To use Gemma through MediaPipe, you'll need to download the Gemma weights in a
MediaPipe-compatible format. You can find detailed instructions at the
[MediaPipe section](https://github.com/google/genc/blob/master/genc/docs/models.md#mediapipe). Get a file named `gemma-2b-it-gpu-int4.bin`, and push it to the
device, e.g., in `/data/local/tmp/`, next to the other one you have downloaded
earlier. The location doesn't really matter. You just need to take note where
the file is located, since you will need to refer to that path later on at the authoring time.

Next, when constructing the IR in `getCOmputation()`, you'll want to replace
the second element of the chain (the
`Constructor.createModelInferenceWithConfig`
call) with a new one, as follows:

```
Constructor.createMediaPipeLlmInferenceModelConfig(
  "/device/mediapipe",
  /* maxTokens= */ 64,
  /* topK= */ 40,
  /* temperature= */ 0.8f,
  /* randomSeed= */ 100);
```

Then, rebuild and re-run the app to confirm that it loads the new IR, and that it still works.

Now, to understand what just happened, let's take a closer look at how we setup
the example runtime. You can find the Java code in
[DefaultAndroidExecutor.java](https://github.com/google/genc/blob/master/genc/java/src/java/org/genc/examples/apps/gencdemo/DefaultAndroidExecutor.java),
but that's just a think wrapper around the C++ constructors defined in
[android_executor_stacks.cc](https://github.com/google/genc/blob/master/genc/cc/examples/executors/android/android_executor_stacks.cc).

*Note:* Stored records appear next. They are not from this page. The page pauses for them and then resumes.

(* Let $(G,R,x_I,x_G)$ be any instance of the multi-robot path planning problem on graphs. Algorithm TOMPP is complete: if the instance has a solution, TOMPP terminates and returns a solution, and otherwise it reports that no solution exists. Moreover, whenever a solution exists, the solution returned by TOMPP has minimum makespan among all solutions of the instance.
   Context: Multi-robot path planning on graphs: $G=(V,E)$ is a connected, undirected, simple graph; $R=\{r_1,\dots,r_n\}$ is a set of robots; $x_I,x_G:R\to V$ are injective maps (initial and goal locations). Let $\mathbb Z^+=\mathbb N\cup\{0\}$. A path is a map $p_i:\mathbb Z^+\to V$. It is feasible for robot $r_i$ if (1) $p_i(0)=x_I(r_i)$; (2) there is a smallest $k_i^{\min}\in\mathbb Z^+$ with $p_i(k)=x_G(r_i)$ for all $k\ge k_i^{\min}$; (3) for all $0\le k<k_i^{\min}$, either $(p_i(k),p_i(k+1))\in E$ or $p_i(k)=p_i(k+1)$. Two paths $p_i,p_j$ ($i\neq j$) collide if there is $k$ with $p_i(k)=p_j(k)$ or $(p_i(k),p_i(k+1))=(p_j(k+1),p_j(k))$. A solution is a set $P=\{p_1,\dots,p_n\}$ with each $p_i$ feasible for $r_i$ and no two paths colliding. Its makespan is $T_P=\max_i k_i^{\min}$. Time-expanded network for a natural number $T$: a directed graph $G'$ whose vertices are, for each $v\in V$, copies $v(0)=v(0)'$, $v(1),v(1)',v(2),v(2)',\dots,v(T),v(T)'$, together with gadget vertices described next. Edges (all of unit capacity): $(v(t),v(t)')$ for $1\le t\le T$ and $(v(t)',v(t+1))$ for $0\le t<T$, for each $v\in V$; for each edge $\{u,v\}\in E$ and each $0\le t<T$, two new vertices $a,b$ and edges $u(t)'\to a$, $v(t)'\to a$, $a\to b$, $b\to u(t+1)$, $b\to v(t+1)$; and $n$ loopback edges $e_1,\dots,e_n$, where $e_i$ goes from $x_G(r_i)(T)'$ to $x_I(r_i)(0)$. Index all edges of $G'$ as $e_1,e_2,\dots$ with the loopback edges first. The ILP for $T$ has binary variables $x_{i,j}$ ($1\le i\le n$, $e_j\in G'$), constraints $\sum_{i=1}^n x_{i,j}\le 1$ for every edge $e_j$, $x_{i,j}=0$ for $1\le i,j\le n$, $i\ne j$, and for every vertex $v$ of $G'$ and every $i$, $\sum_{e_j\text{ entering } v}x_{i,j}=\sum_{e_j\text{ leaving }v}x_{i,j}$; objective: maximize $\sum_{i=1}^n x_{i,i}$. Algorithm TOMPP: start with $T=\max_i d_G(x_I(r_i),x_G(r_i))$ (graph distance); build and solve the ILP for $T$; if the optimum equals $n$, output the paths obtained by letting robot $r_i$ be at vertex $v$ at time $t$ when the unit flow of commodity $i$ passes through $v(t)$ (and staying at its goal afterwards); otherwise increase $T$ by one and repeat, reporting that no solution exists once $T$ exceeds a bound (e.g., the number of joint configurations) beyond which no new solutions can appear. *)

From mathcomp Require Import all_boot.
Set Implicit Arguments. Unset Strict Implicit. Unset Printing Implicit Defensive.

Section MRPP.
(* G = (V, e): a finite simple graph (e symmetric, irreflexive; connectivity is
   a hypothesis of the theorem); robots r_1..r_n are 'I_n; xI, xG : R -> V. *)
Variables (V : finType) (e : rel V) (n : nat) (xI xG : 'I_n -> V).

Definition is_kmin (p : nat -> V) (g : V) (k : nat) : Prop :=
  (forall k', k <= k' -> p k' = g) /\
  (forall k'', (forall k', k'' <= k' -> p k' = g) -> k <= k'').

Definition feasible_path (i : 'I_n) (p : nat -> V) : Prop :=
  p 0 = xI i /\
  exists kmin, is_kmin p (xG i) kmin /\
    forall k, k < kmin -> e (p k) (p k.+1) \/ p k = p k.+1.

Definition collide (p q : nat -> V) : Prop :=
  exists k, p k = q k \/ (p k = q k.+1 /\ p k.+1 = q k).

Definition is_solution (P : 'I_n -> nat -> V) : Prop :=
  (forall i, feasible_path i (P i)) /\
  (forall i j : 'I_n, i != j -> ~ collide (P i) (P j)).

Definition has_makespan (P : 'I_n -> nat -> V) (T : nat) : Prop :=
  exists km : 'I_n -> nat,
    (forall i, is_kmin (P i) (xG i) (km i)) /\ T = \max_(i < n) km i.

Fixpoint walk (k : nat) (u v : V) : bool :=
  if k is k'.+1 then [exists w, e u w && walk k' w v] else u == v.

(* least k such that there is a walk of length k from u to v
   (for connected graphs it is always < #|V|) *)
Definition dist (u v : V) : nat := find (fun k => walk k u v) (iota 0 #|V|).

(* Nodes are encoded as (tag, u, v, t):
   tag 0 : v(t)   (as (0,v,v,t));  tag 1 : v(t)' for t >= 1 (as (1,v,v,t));
   tag 2 : gadget vertex a of edge {u,v} at time t;  tag 3 : gadget vertex b. *)
Definition tnode := (nat * V * V * nat)%type.
Definition vin (v : V) (t : nat) : tnode := (0, v, v, t).
Definition vout (v : V) (t : nat) : tnode := if t == 0 then vin v 0 else (1, v, v, t).
Definition gA (u v : V) (t : nat) : tnode := (2, u, v, t).
Definition gB (u v : V) (t : nat) : tnode := (3, u, v, t).

(* each undirected edge {u,v} listed once, oriented by enum_rank *)
Definition gpairs : seq (V * V) :=
  [seq (u, v) | u <- enum V,
                v <- [seq w <- enum V | (enum_rank u < enum_rank w) && e u w]].

(* edges of G' for T, loopback edges first (e_1..e_n, e_i for robot r_i) *)
Definition ten_edges (T : nat) : seq (tnode * tnode) :=
  [seq (vout (xG i) T, vin (xI i) 0) | i <- enum 'I_n]
  ++ [seq (vin v t, vout v t) | v <- enum V, t <- iota 1 T]
  ++ [seq (vout v t, vin v t.+1) | v <- enum V, t <- iota 0 T]
  ++ flatten [seq [:: (vout p.1 t, gA p.1 p.2 t); (vout p.2 t, gA p.1 p.2 t);
                     (gA p.1 p.2 t, gB p.1 p.2 t);
                     (gB p.1 p.2 t, vin p.1 t.+1); (gB p.1 p.2 t, vin p.2 t.+1)]
             | p <- gpairs, t <- iota 0 T].

Definition edge_of (T : nat) (j : 'I_(size (ten_edges T))) : tnode * tnode :=
  tnth (in_tuple (ten_edges T)) j.

(** * The ILP for T: binary variables x i j (commodity i, edge e_j) *)
Definition ilp_var (T : nat) := 'I_n -> 'I_(size (ten_edges T)) -> bool.

Definition inflow T (x : ilp_var T) (i : 'I_n) (w : tnode) : nat :=
  \sum_(j < size (ten_edges T) | (edge_of j).2 == w) x i j.
Definition outflow T (x : ilp_var T) (i : 'I_n) (w : tnode) : nat :=
  \sum_(j < size (ten_edges T) | (edge_of j).1 == w) x i j.

Definition ilp_feasible T (x : ilp_var T) : Prop :=
  (forall j, \sum_(i < n) x i j <= 1) /\
  (forall (i : 'I_n) (j : 'I_(size (ten_edges T))), j < n -> val j != val i -> x i j = false) /\
  (forall (w : tnode) (i : 'I_n), inflow x i w = outflow x i w).

Definition ilp_value T (x : ilp_var T) : nat :=
  \sum_(i < n) \sum_(j < size (ten_edges T) | val j == val i) x i j.

Definition ilp_optimal T (x : ilp_var T) : Prop :=
  ilp_feasible x /\ forall y : ilp_var T, ilp_feasible y -> ilp_value y <= ilp_value x.

Definition extract T (x : ilp_var T) : 'I_n -> nat -> V :=
  fun i t => if t <= T then odflt (xG i) [pick v | 0 < inflow x i (vin v t)]
             else xG i.

Definition T_start : nat := \max_(i < n) dist (xI i) (xG i).

(* number of joint configurations R -> V *)
Definition T_bound : nat := #|V| ^ n.

(* [solve T] is the (arbitrary) optimal ILP solution returned by the solver *)
Fixpoint tompp_run (solve : forall T, ilp_var T) (fuel T : nat)
  : option ('I_n -> nat -> V) :=
  if ilp_value (solve T) == n then Some (extract (solve T))
  else if fuel is f.+1 then tompp_run solve f T.+1 else None.

Definition tompp (solve : forall T, ilp_var T) : option ('I_n -> nat -> V) :=
  if T_start <= T_bound then tompp_run solve (T_bound - T_start) T_start else None.

End MRPP.

From mathcomp Require Import all_boot zify.
Set Implicit Arguments. Unset Strict Implicit. Unset Printing Implicit Defensive.

(* A family of collision-free paths that all reach their goals by
   time T is the same thing as an integral multicommodity flow of value n in
   the time-expanded network for T.  Given the paths, route commodity i along
   the copies of the vertices robot r_i visits, crossing an edge gadget when it
   moves, and close the circuit with its loopback edge: a vertex collision would
   share an edge v(t) -> v(t)', a swap would share the gadget edge a -> b.
   Conversely, every edge of the network except the loopbacks strictly
   increases the level 4t + tag of its endpoints, so by flow conservation a
   commodity of value one crosses every level cut exactly once, hence occupies
   exactly one vertex copy at each time; unit capacities then exclude
   collisions.  So the ILP for T has optimum n exactly when a solution of
   makespan at most T exists, and TOMPP, trying T upwards from the distance
   lower bound, stops at the minimum makespan.  A solution whose makespan
   exceeds the number of joint configurations repeats a configuration and can
   be shortened, so giving up beyond that bound is correct. *)

Lemma uniq_cat_disjoint (A : eqType) (a b : seq A) :
  uniq a -> uniq b -> (forall x, x \in a -> x \in b -> False) -> uniq (a ++ b).
Proof.
move=> ua ub H; rewrite cat_uniq ua ub andbT /=; apply/hasPn => x xb.
by apply/negP => xa; apply: (H x).
Qed.

Lemma uniq_flatten_by_key (A B : eqType) (L : seq (seq A)) (key : A -> B) (bkey : seq A -> B) :
  (forall bl, bl \in L -> uniq bl) ->
  (forall bl z, bl \in L -> z \in bl -> key z = bkey bl) ->
  uniq (map bkey L) -> uniq (flatten L).
Proof.
elim: L => //= bl L IH Hu Hk /andP [nin uL].
apply: uniq_cat_disjoint.
- by apply: Hu; rewrite inE eqxx.
- apply: IH => // [bl' H|bl' z H]; [apply: Hu | apply: Hk]; by rewrite inE H orbT.
- move=> z zbl /flattenP [bl' bl'L zbl'].
  have E1 := Hk bl z (mem_head _ _) zbl.
  have E2 : key z = bkey bl' by apply: Hk => //; rewrite inE bl'L orbT.
  by move: nin; rewrite -E1 E2 map_f.
Qed.

Lemma map_allpairs (A B C D : Type) (F : C -> D) (f : A -> B -> C) l1 l2 :
  map F [seq f x y | x <- l1, y <- l2] = [seq F (f x y) | x <- l1, y <- l2].
Proof. by elim: l1 => //= a l1 IH; rewrite map_cat IH -map_comp. Qed.

Lemma count_flatten_map (A B : Type) (a : pred A) (F : B -> seq A) l :
  count a (flatten [seq F t | t <- l]) = \sum_(t <- l) count a (F t).
Proof. by elim: l => [|b l IH]; rewrite ?big_nil ?big_cons //= count_cat IH. Qed.

Lemma count_predI_mem (A : eqType) (l E : seq A) (P : pred A) :
  uniq l -> uniq E -> {subset E <= l} ->
  count (fun z => P z && (z \in E)) l = count P E.
Proof.
move=> ul uE sub; rewrite -count_filter.
apply/permP/uniq_perm; rewrite ?filter_uniq // => z.
by rewrite mem_filter andb_idr //; apply: sub.
Qed.

Lemma count_split (A : Type) (p r : pred A) l :
  count p l = count (fun z => p z && r z) l + count (fun z => p z && ~~ r z) l.
Proof. by elim: l => //= a l ->; case: (p a); case: (r a) => //=; rewrite addnCA. Qed.

Lemma count_eq1 (A : eqType) (p : pred A) l a :
  uniq l -> a \in l -> p a -> (forall z, z \in l -> p z -> z = a) -> count p l = 1.
Proof.
move=> ul al pa H; rewrite (@eq_in_count _ _ (pred1 a)) ?count_uniq_mem ?al //.
by move=> z zl /=; apply/idP/eqP => [/(H _ zl)|->].
Qed.

Lemma count_ge2 (A : eqType) (p : pred A) l a b :
  a != b -> a \in l -> b \in l -> p a -> p b -> 2 <= count p l.
Proof.
move=> ab al bl pa pb; rewrite (count_split _ (pred1 a)).
have h1 : 0 < count (fun z => p z && pred1 a z) l.
  by rewrite -has_count; apply/hasP; exists a; rewrite //= pa eqxx.
have h2 : 0 < count (fun z => p z && ~~ pred1 a z) l.
  by rewrite -has_count; apply/hasP; exists b; rewrite //= pb eq_sym ab.
lia.
Qed.

Lemma sum_bool_le1 (I : finType) (F : I -> bool) :
  (forall i k, F i -> F k -> i = k) -> \sum_i F i <= 1.
Proof.
move=> H; case: (pickP F) => [i Fi|none].
- rewrite (bigD1 i) //= big1 ?Fi // => k; case Fk: (F k) => //.
  by rewrite (H _ _ Fk Fi) eqxx.
- by rewrite big1 // => k _; rewrite none.
Qed.

Lemma sum_bool_ge2 (I : finType) (F : I -> bool) i k :
  i != k -> F i -> F k -> 2 <= \sum_l F l.
Proof.
move=> ik Fi Fk; rewrite (bigD1 i) //= (bigD1 k) /=; last by rewrite eq_sym ik.
by rewrite Fi Fk.
Qed.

In the body of `CreateAndroidExecutor` in that file, you will see sections
of code that look as follows:

```
SetMediapipeModelInferenceHandler(&config, jvm,
                                  mediapipe_text_generator_client,
                                  kMediapipeModelUri);

SetLlamaCppModelInferenceHandler(&config, kGemmaModelUri);
```

What these calls do is, associate the names you've been using in the IR, such
as `/device/gemma` and `/device/mediapipe`, with C++ handlers that route model
calls to the appropriate backends. This list of handlers is later fed to the
generic GenC runtime constructor to setup a customized runtime for your specific
environment.

Feel free to play with this setup, e.g., by modifying the existing or adding
new handlers, and then matching these changes in the IR, and re-pushign the app
to the device to confirm your changes had effect.

If you'd like to learn more about setting up custom runtimes, please review the
general overview in
[runtime.md](https://github.com/google/genc/blob/master/genc/docs/runtime.md).
Everything that's written there applies to Android as well. The only differences
between C++ runtime setup in Android and non-Anroid environments is that the
former makes use of both C++ and Java components (e.g., to leverage Cronet in
lieu of CURL as a network client).

This concludes the Android tutorial.